_Task to carry out_
Your answer should be every line of the records that contains the word "curvature".

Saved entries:
__________________________________________________

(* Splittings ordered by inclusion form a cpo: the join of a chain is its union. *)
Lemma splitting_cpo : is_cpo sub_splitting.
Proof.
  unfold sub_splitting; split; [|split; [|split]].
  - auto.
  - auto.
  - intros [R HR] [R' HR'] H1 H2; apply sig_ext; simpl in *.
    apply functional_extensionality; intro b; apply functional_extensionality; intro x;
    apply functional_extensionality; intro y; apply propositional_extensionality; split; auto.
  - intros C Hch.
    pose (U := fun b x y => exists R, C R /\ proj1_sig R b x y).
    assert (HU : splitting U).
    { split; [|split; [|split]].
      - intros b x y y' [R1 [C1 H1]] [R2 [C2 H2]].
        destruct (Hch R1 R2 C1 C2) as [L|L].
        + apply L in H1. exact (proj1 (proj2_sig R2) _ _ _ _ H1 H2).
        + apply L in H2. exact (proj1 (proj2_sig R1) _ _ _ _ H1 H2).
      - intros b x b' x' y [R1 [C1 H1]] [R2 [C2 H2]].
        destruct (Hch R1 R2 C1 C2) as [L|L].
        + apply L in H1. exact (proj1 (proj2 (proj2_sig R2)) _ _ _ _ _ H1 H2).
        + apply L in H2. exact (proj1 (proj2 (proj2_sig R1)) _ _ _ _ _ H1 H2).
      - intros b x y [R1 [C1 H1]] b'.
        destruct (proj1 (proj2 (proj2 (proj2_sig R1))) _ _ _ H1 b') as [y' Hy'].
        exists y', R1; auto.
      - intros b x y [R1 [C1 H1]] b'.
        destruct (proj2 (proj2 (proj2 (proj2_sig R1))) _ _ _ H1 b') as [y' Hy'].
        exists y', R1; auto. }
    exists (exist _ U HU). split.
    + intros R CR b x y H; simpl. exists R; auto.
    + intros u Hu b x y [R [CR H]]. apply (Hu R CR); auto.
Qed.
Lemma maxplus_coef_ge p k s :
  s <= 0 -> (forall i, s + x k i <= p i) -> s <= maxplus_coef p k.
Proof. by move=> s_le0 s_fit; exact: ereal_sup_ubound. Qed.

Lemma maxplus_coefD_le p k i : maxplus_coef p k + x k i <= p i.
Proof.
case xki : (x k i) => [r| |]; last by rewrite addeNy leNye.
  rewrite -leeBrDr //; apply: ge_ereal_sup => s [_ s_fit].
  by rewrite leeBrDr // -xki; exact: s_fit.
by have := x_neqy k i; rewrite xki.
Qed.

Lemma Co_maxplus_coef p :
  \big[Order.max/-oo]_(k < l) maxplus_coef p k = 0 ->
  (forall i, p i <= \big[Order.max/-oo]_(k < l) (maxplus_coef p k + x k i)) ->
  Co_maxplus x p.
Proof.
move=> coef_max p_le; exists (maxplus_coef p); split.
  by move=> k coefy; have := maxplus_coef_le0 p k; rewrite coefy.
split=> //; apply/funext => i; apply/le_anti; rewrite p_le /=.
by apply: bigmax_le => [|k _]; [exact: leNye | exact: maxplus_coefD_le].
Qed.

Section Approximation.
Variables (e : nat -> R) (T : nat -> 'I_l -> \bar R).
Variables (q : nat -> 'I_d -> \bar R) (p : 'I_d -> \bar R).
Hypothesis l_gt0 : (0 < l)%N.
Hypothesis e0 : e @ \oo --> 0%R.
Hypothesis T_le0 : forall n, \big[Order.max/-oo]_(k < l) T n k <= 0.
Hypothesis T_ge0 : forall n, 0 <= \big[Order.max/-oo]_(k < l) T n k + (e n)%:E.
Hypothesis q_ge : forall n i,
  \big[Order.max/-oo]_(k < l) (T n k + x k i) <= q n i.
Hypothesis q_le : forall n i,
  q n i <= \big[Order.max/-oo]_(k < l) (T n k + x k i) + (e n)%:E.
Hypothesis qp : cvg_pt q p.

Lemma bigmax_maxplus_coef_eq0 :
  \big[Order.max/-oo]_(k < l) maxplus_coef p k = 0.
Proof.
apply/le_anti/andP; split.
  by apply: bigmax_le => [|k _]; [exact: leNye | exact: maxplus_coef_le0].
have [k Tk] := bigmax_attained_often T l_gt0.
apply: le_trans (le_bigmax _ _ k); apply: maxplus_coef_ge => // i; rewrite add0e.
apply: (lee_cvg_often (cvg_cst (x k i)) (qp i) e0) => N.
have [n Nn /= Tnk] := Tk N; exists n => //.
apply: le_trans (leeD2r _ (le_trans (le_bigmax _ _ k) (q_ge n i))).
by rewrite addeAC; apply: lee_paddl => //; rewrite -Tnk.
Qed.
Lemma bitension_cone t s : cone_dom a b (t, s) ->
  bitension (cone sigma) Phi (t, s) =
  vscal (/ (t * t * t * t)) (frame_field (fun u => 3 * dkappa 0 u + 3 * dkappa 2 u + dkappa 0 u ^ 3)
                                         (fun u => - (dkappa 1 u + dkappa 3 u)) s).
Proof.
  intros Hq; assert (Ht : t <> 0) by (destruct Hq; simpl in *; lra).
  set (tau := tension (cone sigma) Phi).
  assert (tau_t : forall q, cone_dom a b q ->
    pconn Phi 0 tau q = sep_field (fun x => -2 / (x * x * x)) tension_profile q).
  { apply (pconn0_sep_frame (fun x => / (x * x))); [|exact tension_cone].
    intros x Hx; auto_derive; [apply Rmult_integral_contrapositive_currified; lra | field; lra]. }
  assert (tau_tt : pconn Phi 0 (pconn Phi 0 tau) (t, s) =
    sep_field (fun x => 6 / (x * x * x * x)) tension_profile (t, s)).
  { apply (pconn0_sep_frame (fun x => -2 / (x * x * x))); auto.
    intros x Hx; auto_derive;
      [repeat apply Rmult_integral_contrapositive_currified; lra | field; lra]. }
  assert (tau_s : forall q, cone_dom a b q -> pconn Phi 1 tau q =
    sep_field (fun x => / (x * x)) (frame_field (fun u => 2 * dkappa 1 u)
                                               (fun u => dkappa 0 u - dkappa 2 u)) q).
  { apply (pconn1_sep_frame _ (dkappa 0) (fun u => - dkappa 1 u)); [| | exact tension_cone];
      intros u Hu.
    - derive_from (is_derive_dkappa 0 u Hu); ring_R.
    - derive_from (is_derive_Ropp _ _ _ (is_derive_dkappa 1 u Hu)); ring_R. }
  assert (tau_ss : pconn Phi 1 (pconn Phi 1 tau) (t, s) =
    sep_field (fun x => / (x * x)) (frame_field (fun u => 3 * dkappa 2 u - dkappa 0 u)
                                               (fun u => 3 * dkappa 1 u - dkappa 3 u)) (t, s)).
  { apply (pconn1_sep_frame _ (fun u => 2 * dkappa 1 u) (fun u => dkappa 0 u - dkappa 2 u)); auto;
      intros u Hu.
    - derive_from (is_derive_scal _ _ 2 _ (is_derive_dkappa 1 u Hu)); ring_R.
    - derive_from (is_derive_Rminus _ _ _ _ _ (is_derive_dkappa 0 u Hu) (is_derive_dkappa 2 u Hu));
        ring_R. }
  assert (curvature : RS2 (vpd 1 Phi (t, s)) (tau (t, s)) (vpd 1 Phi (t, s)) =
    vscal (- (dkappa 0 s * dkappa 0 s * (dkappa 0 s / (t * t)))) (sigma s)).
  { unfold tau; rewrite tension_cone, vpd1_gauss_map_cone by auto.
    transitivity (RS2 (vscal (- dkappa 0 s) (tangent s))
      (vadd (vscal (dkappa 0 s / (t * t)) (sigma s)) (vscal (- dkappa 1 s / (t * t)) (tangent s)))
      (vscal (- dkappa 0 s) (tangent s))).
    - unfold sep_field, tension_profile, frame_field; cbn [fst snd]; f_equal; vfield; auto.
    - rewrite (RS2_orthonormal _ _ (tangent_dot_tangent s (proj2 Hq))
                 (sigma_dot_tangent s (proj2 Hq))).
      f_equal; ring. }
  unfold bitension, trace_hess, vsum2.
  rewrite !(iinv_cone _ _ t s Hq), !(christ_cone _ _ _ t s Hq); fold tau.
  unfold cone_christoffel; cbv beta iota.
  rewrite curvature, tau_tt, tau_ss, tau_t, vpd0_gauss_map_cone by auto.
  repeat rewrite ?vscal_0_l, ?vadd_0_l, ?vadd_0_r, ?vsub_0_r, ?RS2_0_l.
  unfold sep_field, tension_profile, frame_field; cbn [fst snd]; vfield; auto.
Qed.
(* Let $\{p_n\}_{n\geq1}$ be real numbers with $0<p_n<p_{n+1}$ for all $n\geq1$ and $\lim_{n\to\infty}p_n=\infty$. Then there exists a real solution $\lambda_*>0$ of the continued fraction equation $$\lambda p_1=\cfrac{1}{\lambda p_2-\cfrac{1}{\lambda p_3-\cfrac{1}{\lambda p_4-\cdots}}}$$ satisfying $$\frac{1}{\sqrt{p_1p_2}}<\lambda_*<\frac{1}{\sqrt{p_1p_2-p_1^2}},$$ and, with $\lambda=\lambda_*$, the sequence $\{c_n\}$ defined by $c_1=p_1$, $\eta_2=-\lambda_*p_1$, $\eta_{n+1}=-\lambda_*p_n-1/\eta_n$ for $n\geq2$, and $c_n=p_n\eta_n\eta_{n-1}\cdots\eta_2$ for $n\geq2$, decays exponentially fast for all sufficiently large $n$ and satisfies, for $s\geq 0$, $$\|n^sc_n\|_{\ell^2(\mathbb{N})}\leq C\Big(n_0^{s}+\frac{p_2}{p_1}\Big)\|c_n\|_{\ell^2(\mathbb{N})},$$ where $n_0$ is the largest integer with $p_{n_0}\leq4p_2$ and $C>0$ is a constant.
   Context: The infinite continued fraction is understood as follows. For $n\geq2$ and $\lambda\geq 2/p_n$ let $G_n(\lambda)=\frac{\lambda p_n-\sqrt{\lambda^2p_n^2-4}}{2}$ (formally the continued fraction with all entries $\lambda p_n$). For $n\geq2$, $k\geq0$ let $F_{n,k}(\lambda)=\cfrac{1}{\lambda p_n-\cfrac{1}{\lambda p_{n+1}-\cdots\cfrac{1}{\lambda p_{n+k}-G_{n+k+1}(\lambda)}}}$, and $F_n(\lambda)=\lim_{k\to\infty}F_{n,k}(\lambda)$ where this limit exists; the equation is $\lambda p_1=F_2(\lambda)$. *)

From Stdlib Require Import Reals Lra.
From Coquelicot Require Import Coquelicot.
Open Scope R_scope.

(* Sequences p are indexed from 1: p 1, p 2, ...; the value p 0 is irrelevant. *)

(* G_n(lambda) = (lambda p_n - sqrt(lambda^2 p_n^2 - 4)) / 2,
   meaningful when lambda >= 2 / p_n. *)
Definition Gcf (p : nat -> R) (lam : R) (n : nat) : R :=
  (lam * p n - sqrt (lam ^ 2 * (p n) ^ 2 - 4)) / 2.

__________________________________________________

_Written response_
  assert (curvature : RS2 (vpd 1 Phi (t, s)) (tau (t, s)) (vpd 1 Phi (t, s)) =
  rewrite curvature, tau_tt, tau_ss, tau_t, vpd0_gauss_map_cone by auto.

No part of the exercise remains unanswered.